Aliens are almost certainly never going to replace humans as mainstream choices for protagonists, but that’s exactly as it should be. As colorful as diversity in alien species may make the universe, it should never be treated as a replacement or substitute for diversity in human characters. Aliens exist primarily to fulfill roles that are not entirely unlike furniture or wallpaper, and are there first and foremost to enhance the stories and experiences of humanity. Our first priority and guiding principle should always be to ask ourselves how we can make new alien species as interesting as possible for the heroes to engage with and for the audience to see.
We’ve come up with a lot of alien species over the years: some have been hits, others misses. Trandoshans and Wookiees and Duros and Sullustans and Mon Calamari managed to capture the imagination of authors and audiences alike and can now be found in just about any work or role, while one is rather less likely to encounter Shistavenen wolfmen or Pa’lowicks or Thisspiasians or Xexto outside of their most famous members, and I, for one, look forward to welcoming new additions to the galactic community as prominent as their predecessors. After all, there’s no longer any material to oppose the idea that new species might be as numerous or influential in the Senate as those we already know so well. The slate is still clean.
One thought to “Walking Carpet Weaving: Doing Aliens Right”

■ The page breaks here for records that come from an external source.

Lemma prod_ntP k p i rhs : prod k (ntP p i) rhs -> i < k /\
  [\/ rhs = [:: T (TA i)], rhs = [:: T (TA i); N (ntE None)],
      exists2 j, j < k /\ (p -> j <> i) & rhs = [:: T (TA i); T (TA j); T TStar] |
      exists2 j, j < k /\ (p -> j <> i) & rhs = [:: T (TA i); T (TA j); T TStar; N (ntE (Some j))]].
Proof.
case: p => H; inversion H; subst; split=> //.
{ match goal with ne : is_true (_ != ?j) |- _ =>
    have {}ne : j <> i by move=> E; rewrite E eqxx in ne
  end.
  match goal with alt : _ \/ _ |- _ => case: alt => [->|[->|[->|->]]] end.
  all: by [constructor 1|constructor 2|constructor 3; exists j|constructor 4; exists j]. }
match goal with P : prodP _ _ _ |- _ => case: P => [||j jk|j jk] end.
all: by [constructor 1|constructor 2|constructor 3; exists j|constructor 4; exists j].
Qed.

Lemma prod_ntE k x rhs : prod k (ntE x) rhs ->
  [\/ rhs = [:: N (ntY false x)], rhs = [:: T TL; N (ntZ x); T TR],
      rhs = [:: T TL; T TEps; T TPlus; N (ntY true x); T TR] |
      rhs = [:: T TL; T TEps; T TPlus; N (ntZ x); T TR]].
Proof.
case: x => [j|] H; inversion H; subst.
all: by [constructor 1|constructor 2|constructor 3|constructor 4].
Qed.

Lemma prod_ntY k p x rhs : prod k (ntY p x) rhs ->
  exists i, [/\ i < k, forall j, x = Some j -> i <> j & rhs = [:: N (ntP p i)]].
Proof.
case: p; case: x => [j|] H; inversion H; subst; [exists j0|exists i|exists j0|exists i].
all: split=> // j' [<-] E; subst.
all: match goal with ne : is_true (?a != ?a) |- _ => by rewrite eqxx in ne end.
Qed.

Lemma prod_ntZ k x rhs : prod k (ntZ x) rhs ->
  exists ns, [/\ 1 < size ns, sorted ltn ns, all (gtn k) ns,
                 forall j, x = Some j -> j \notin ns &
                 rhs = sep_plus (map (fun i => N (ntP true i)) ns)].
Proof. by case: x => [j|] H; inversion H; subst; exists ns; split=> // j' [<-]. Qed.

Lemma prod_NS k rhs : prod k NS rhs -> rhs = [:: N (ntY false None)] \/ rhs = [:: N (ntZ None)].
Proof. by move=> H; inversion H; [left|right]. Qed.

Lemma single_altE l : single_alt l = (size (heads l) == 1).
Proof. by case: l => [|i t []]. Qed.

I’m going to start by saying that I completely agree with you about being glad to see the return of the bargain bin background aliens. There’s just something fun about them. That said, I do think that CGI combined with motion capture is at a place where you can make some completely out there alien characters looks incredibly realistic especially when you’ve got some as talented as Andy Serkis doing the mo-cap. His and Lupita’s characters definitely have the potential to break out of the ‘still humanoid in shape’ mold that we’ve seen so much with aliens in Star Wars. Obviously, it’s easier for comics and books to do this but I definitely think that films can pull it off too.